Ce dernier compte plus d’une centaine d’appartements top classe ainsi que quelques penthouses super luxueux, tous aménagés par le studio de design britannique No 12. La cerise sur le gâteau est le penthouse de trois chambres avec terrasse que la designer serbe a été invitée à aménager.

Les modèles qu’elle a créés pour Marina Rinaldi. ©Marina Rinaldi

Le penthouse, mis en vente au prix de 8,3 millions d’euros, n’est pas la seule infidélité que la créatrice fait à son label de mode cet automne. Pour Marina Rinaldi, la marque grandes tailles de la maison de mode italienne Max Mara, Roksanda a conçu une collection automne-hiver qui affiche les signes particuliers de son style typique: lignes graphiques et surfaces modernistes avec des clins d’œil à l’artiste américain Frank Stella.

C’est lors d’une visite de la Collezione Maramotti, l’impressionnante collection d’art contemporain de la famille propriétaire de Max Mara, que Roksanda Ilincic a eu l’idée de sa collection pour Marina Rinaldi.

Beaucoup de couleurs, en contraste ou en color block, des matières tendres et douces et un esprit cocoon citadin sont la marque du style Roksanda. ©Michael Sinclair

Reconnaissance britannique

Une reconnaissance de plus pour la Britannique d’origine serbe, qui a présenté sa première collection en 2005 à la Fashion Week de Londres. Pourtant, ce n’est qu’avec l’arrivée d’un nouvel investisseur, en 2014, qu’elle est réellement entrée dans la cour des grands. Cette année-là, elle s’est retrouvée pour la première fois dans le ‘BOF 500’, le ‘who’s who’ annuel du monde de la mode établi par le magazine professionnel Business of Fashion.

C’est également cette même année que Roksanda a percé, après l’ouverture d’une boutique chic à Mayfair (l’architecte de service était la vedette britannique Sir David Adjaye) et sa décision de ne plus reprendre son nom de famille, souvent mal orthographié, dans l’intitulé de son label.

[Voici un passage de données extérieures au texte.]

Lemma tracked_top_location c0 l L T i u : wf n [::] c0.2 ->
  size L = n - k -> size T = n - k -> Tracks c0 l L ->
  at_path (T ++ [:: i]) c0.2 = Some u -> hist_is n delta (c0, l) k.-1 tm_top u ->
  L = T /\ last_child = i.
Proof.
move=> W0 HL HT HI Hu Hhist.
have [p [g [x Hpx]]] := tm_top_has_leaf.
have [s0' [Hh0 Hin0]] := proj2 Hhist (Leaf g x) (proj2 (in_leavesOf _ _) (ex_intro _ p (conj Hpx isT))).
have [g' [y Hy]] := tracks_leaf HI last_child_lt Hpx.
have [Ey _] := leaf_position W0 Hy.
have [cj [_ [_ Hh]]] := HI last_child last_child_lt.
move: Hh0; rewrite /hist /= (tm_leaf_position last_child_lt Hpx) (Hh _ _ _ Hpx).
rewrite -[map S (L ++ _)]cat0s -Ey (leaf_at_of_path W0 Hy) => [[Es0']]. subst s0'.
have [p'' [Hp'' _]] := proj1 (in_leavesOf _ _) Hin0.
have Hy2 : at_path (T ++ i :: p'') c0.2 = Some (Leaf g' y).
  by rewrite -cat1s catA at_path_cat Hu.
have [Ey2 _] := leaf_position W0 Hy2.
rewrite Ey2 /= in Ey. move/(inj_map succn_inj)/eqP: Ey.
by rewrite eqseq_cat ?HL ?HT // => /andP [/eqP -> /eqP [->]].
Qed.

Lemma tracked_conclusion c0 l T b : wf n [::] c0.2 -> Tracks c0 l T -> size tmch = size b ->
  (forall a q, a < size b -> at_path (T ++ a :: q) c0.2 = at_path q (nth N0 b a)) ->
  cong (Node b) (Node tmch) /\
  forall path s0, at_path path (Node tmch) = Some s0 -> is_leaf s0 ->
    exists u, at_path path (Node b) = Some u /\ hist n delta (c0, l) s0 = Some u.
Proof.
move=> W0 HI Esz Hchild.
have Hcong : forall j, j < size b -> erase (nth N0 b j) = erase (nth N0 tmch j).
  move=> j Hj. have Hj' : j < size tmch by rewrite Esz.
  have [cj [Hcj [Ecj _]]] := HI j Hj'.
  by move: Hcj; rewrite Hchild // => [[->]].
split.
- rewrite /cong !erase_node. congr Node.
  apply: (@eq_from_nth _ (erase N0)); first by rewrite !size_map Esz.
  move=> j; rewrite size_map => Hj.
  by rewrite (nth_map N0 _ _ Hj) (nth_map N0) ?Esz // Hcong.
- move=> [|j rest] s0l; first by move=> [<-].
  rewrite at_path_node; case: ifP => // Hj Hr Ls.
  case: s0l Hr Ls => // g0 x0 Hr _.
  have Hjb : j < size b by rewrite -Esz.
  have [b' [Hb' Eb']] := erase_at_path (esym (Hcong j Hjb)) Hr.
  have [g1 [y1 Eb]] := erase_leaf_inv Eb'. subst b'.
  exists (Leaf g1 y1). split; first by rewrite at_path_node Hjb.
  have [cj2 [_ [_ Hh1]]] := HI j Hj.
  rewrite /hist /= (tm_leaf_position Hj Hr) (Hh1 _ _ _ Hr).
  have Hy1 : at_path (T ++ j :: rest) c0.2 = Some (Leaf g1 y1) by rewrite Hchild.
  have [Ey1 _] := leaf_position W0 Hy1.
  by rewrite -[map S (T ++ _)]cat0s -Ey1 (leaf_at_of_path W0 Hy1).
Qed.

Aujourd’hui, ses vêtements sont vendus dans plus d’une trentaine de pays. Forte de ce succès, elle a très vite reçu des propositions émanant d’autres secteurs. Pour la créatrice, les frontières entre le monde de la mode, de l’art et du design sont ténues.

©Michael Sinclair

Elle a été commissaire d’une vente aux enchères d’art contemporain et moderne pour Sotheby’s, a conçu une ligne de céramiques et créé une collection capsule pour la Frieze Art Fair à Londres, pour laquelle elle s’est inspirée du couple d’artistes allemands Josef et Anni Albers. Elle a également travaillé avec des grands noms, comme l’artiste conceptuel américain Mel Bochner et l’artiste franco-américaine Niki de Saint Phalle.

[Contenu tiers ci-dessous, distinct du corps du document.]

Theorem lemmaA2 (R : realType) (T : nat) (x0 : R) (K : nat -> set R)
    (E : nat -> set (R -> R))
    (phi psi : nat -> R -> R) (Delta : forall t : nat, 'rV[R]_t.+1 -> R) :
  (1 <= T)%N ->
  K 0%N = [set x0] ->
  (forall t, (t <= T)%N -> closed (K t)) ->
  (forall t, (t < T)%N -> (K t #<= K t.+1)%card) ->
  (forall t, (t <= T)%N -> good_space (K t) (E t)) ->
  (forall t, (t <= T)%N -> E t (phi t)) ->
  (forall t, (t <= T)%N -> E t (psi t)) ->
  inH T K Delta ->
  (forall x, inOmega T K x ->
     \sum_(t < T.+1) phi t (x t)
     = \sum_(t < T.+1) psi t (x t) + Iint T Delta x) ->
  (exists k h : nat -> R, forall t, (t <= T)%N ->
     forall y, K t y -> psi t y = phi t y + k t * y + h t)
  /\
  (forall S : nat -> (R -> R) -> R,
     (forall t, (t <= T)%N -> stock_additive x0 (K t) (E t) (S t)) ->
     \sum_(t < T.+1) S t (phi t) = \sum_(t < T.+1) S t (psi t)
     /\
     exists SV : ((nat -> R) -> R) -> R,
       [/\ (* well defined: independent of the representation *)
           (forall v phi' Delta', represents T K E phi' Delta' v ->
              SV v = \sum_(t < T.+1) S t (phi' t)),
           (* cash additive *)
           (forall v (k : R), inV T K E v ->
              SV (fun x => v x + k) = SV v + k) &
           (* integral additive *)
           (forall v Delta', inV T K E v -> inH T K Delta' ->
              SV (fun x => v x + Iint T Delta' x) = SV v)]).
Proof.
move=> _ K0 _ HK HE Ephi Epsi _ Hid.
have [k [h gkh]] := affine_decomposition K0 HK (semistatic_sub_eq0 Hid).
split.
  by exists k, h => t tT y Ky; rewrite -addrA -gkh //; ring.
move=> S HS; split; first exact: (sum_stock_eq K0 HK HE HS Ephi Epsi Hid).
exists (extended_price T K E S); split.
- move=> v phi' D' [Ephi' [_ Hv]].
  exact: (extended_priceE K0 HK HE HS (conj Ephi' Hv)).
- move=> v k' [phi' [D' [Ephi' [_ Hv]]]].
  exact: (extended_price_cash_additive K0 HK HE HS k' (conj Ephi' Hv)).
- move=> v D' [phi' [D'' [Ephi' [_ Hv]]]] _.
  exact: (extended_price_integral_additive K0 HK HE HS D' (conj Ephi' Hv)).
Qed.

Par ailleurs, elle collectionne le mobilier signé Eileen Gray, Lina Bo Bardi et Pierre Paulin.

Femmes puissantes 

La décoration du penthouse Gasholders imaginé par Roksanda est un terrain de jeux pour name droppers: on y trouve des meubles du Parisien Christophe Delcourt, du designer-architecte suisse Pierre Jeanneret et de l’Autrichien Paolo Piva. La liste des power women dont les objets et les œuvres d’art sont exposés dans l’appartement est encore plus remarquable.

©Michael Sinclair

Roksanda a choisi une chaise en cuir tabac de la pionnière moderniste brésilienne Lina Bo Bardi ainsi que des fauteuils et une table ovale de Charlotte Perriand, la Française qui a enfreint les conventions de son époque en matière de design. Nous avons aussi repéré des céramiques d’Alana Wilson et de Christine Roland ainsi que des sculpturales lampes de la Britannique Claire Norcross.

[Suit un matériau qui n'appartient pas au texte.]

(* Both sides are, up to a factor 4, the coefficient of eps*del in Dougall's terminating
   very-well-poised 5F4 sum
     sum_k (a-n+2k) (-1)^k C(n,k) (a-n)_k (b-n)_k (c-n)_k / ((a)_(k+1) (1+a-b)_k (1+a-c)_k)
       = (a-n)_n (1+a-b-c+n)_n / ((1+a-b)_n (1+a-c)_n)
   evaluated at a = x + n + 1/2, b = x/2 + n + 1 + del, c = x/2 + n + 1 + eps in the ring
   F[eps, del]/(eps^2, del^2).  There
     u + s eps + t del = u (1 + s/u eps) (1 + t/u del) (1 - st/u^2 eps del),
   so each Pochhammer symbol becomes p (1 + al eps) (1 + be del) (1 + ga eps del) with al, be
   harmonic sums and ga a second-order harmonic sum, and the eps*del coefficient of such a
   product is p (al be + ga).  On the left, H_k(x/2) + H_k((x-1)/2) = 2 H_2k(x) produces H_2k(x)^2.
   Dougall's sum holds over any commutative ring in which the relevant factors are units, by the
   WZ method: for fixed a, b, c the terms satisfy den(n) T(n+1,k) - num(n) T(n,k) = G(k+1) - G(k)
   with an explicit polynomial certificate G, and the right-hand side obeys the same
   first-order recurrence den(n) W(n+1) = num(n) W(n). *)

Section DualNumbers.
Variable R : comUnitRingType.

Definition dual := (R * R)%type.
HB.instance Definition _ := Choice.on dual.
HB.instance Definition _ := GRing.Zmodule.on dual.

Definition dual_mul (x y : dual) : dual := (x.1 * y.1, x.1 * y.2 + x.2 * y.1).
Definition dual_one : dual := (1, 0).

Lemma dual_mulA : associative dual_mul.
Proof. by move=> [a b] [c d] [e f]; congr (_, _) => /=; ring. Qed.
Lemma dual_mulC : commutative dual_mul.
Proof. by move=> [a b] [c d]; congr (_, _) => /=; ring. Qed.
Lemma dual_mul1 : left_id dual_one dual_mul.
Proof. by move=> [a b]; congr (_, _) => /=; ring. Qed.
Lemma dual_mulDl : left_distributive dual_mul +%R.
Proof. by move=> [a b] [c d] [e f]; congr (_, _) => /=; ring. Qed.
Lemma dual_one_neq0 : dual_one != 0.
Proof. by apply/eqP => -[] /eqP; rewrite oner_eq0. Qed.

HB.instance Definition _ := GRing.Zmodule_isComNzRing.Build dual
  dual_mulA dual_mulC dual_mul1 dual_mulDl dual_one_neq0.

Definition dual_unit : {pred dual} := fun x => x.1 \is a GRing.unit.
Definition dual_inv (x : dual) : dual :=
  if x.1 \is a GRing.unit then (x.1^-1, - (x.2 * x.1^-1 ^+ 2)) else x.

Lemma dual_mulVx : {in dual_unit, left_inverse 1 dual_inv *%R}.
Proof.
move=> [a b] ua; have {}ua : a \is a GRing.unit := ua.
rewrite /dual_inv /= ua; congr (_, _) => /=; first exact: mulVr.
by rewrite expr2 mulNr -!mulrA mulVr // mulr1 mulrC subrr.
Qed.

Lemma dual_unitPl (x y : dual) : y * x = 1 -> dual_unit x.
Proof. by case: x y => [a b] [c d] [cb1 _]; apply/unitrPr; exists c; rewrite mulrC. Qed.

Lemma dual_inv_out : {in [predC dual_unit], dual_inv =1 id}.
Proof.
by move=> [a b] nua; have {}nua : a \isn't a GRing.unit := nua; rewrite /dual_inv /= (negbTE nua).
Qed.

HB.instance Definition _ := GRing.ComNzRing_hasMulInverse.Build dual
  dual_mulVx dual_unitPl dual_inv_out.

Lemma dual_unitE (x : dual) : (x \is a GRing.unit) = (x.1 \is a GRing.unit).
Proof. by []. Qed.

End DualNumbers.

Cette touche féminine se retrouve également dans les détails: couvertures en laine mérinos de Lena Rewell, rideaux en feutre de laine rose tendre de Kvadrat, bibliothèque remplie de publications sur le travail des artistes qu’elle admire - Anni Albers, Sonia Delaunay-Terk, Marina Abramovic, Isa Genzken, Marlene Dumas, pour n’en citer que quelques-unes. Et, sur la table de nuit, des bouquins de Patti Smith et Joan Didion.

©Michael Sinclair

Last but not least, la designer a chargé l’artiste suisse Caroline Denervaud de réaliser une fresque murale dans le hall et la cuisine. "Je voulais qu’il y ait quelque chose de beau à voir dès l’entrée", précise Roksanda dans une interview du Financial Times. "L’escalier et le bâtiment sont très masculins. Ma première analyse a été la suivante: ces lieux manquaient de féminité et de chaleur." Ainsi soit-elle.

Cet article paraît dans notre numéro spécial mode du 31 août 2019.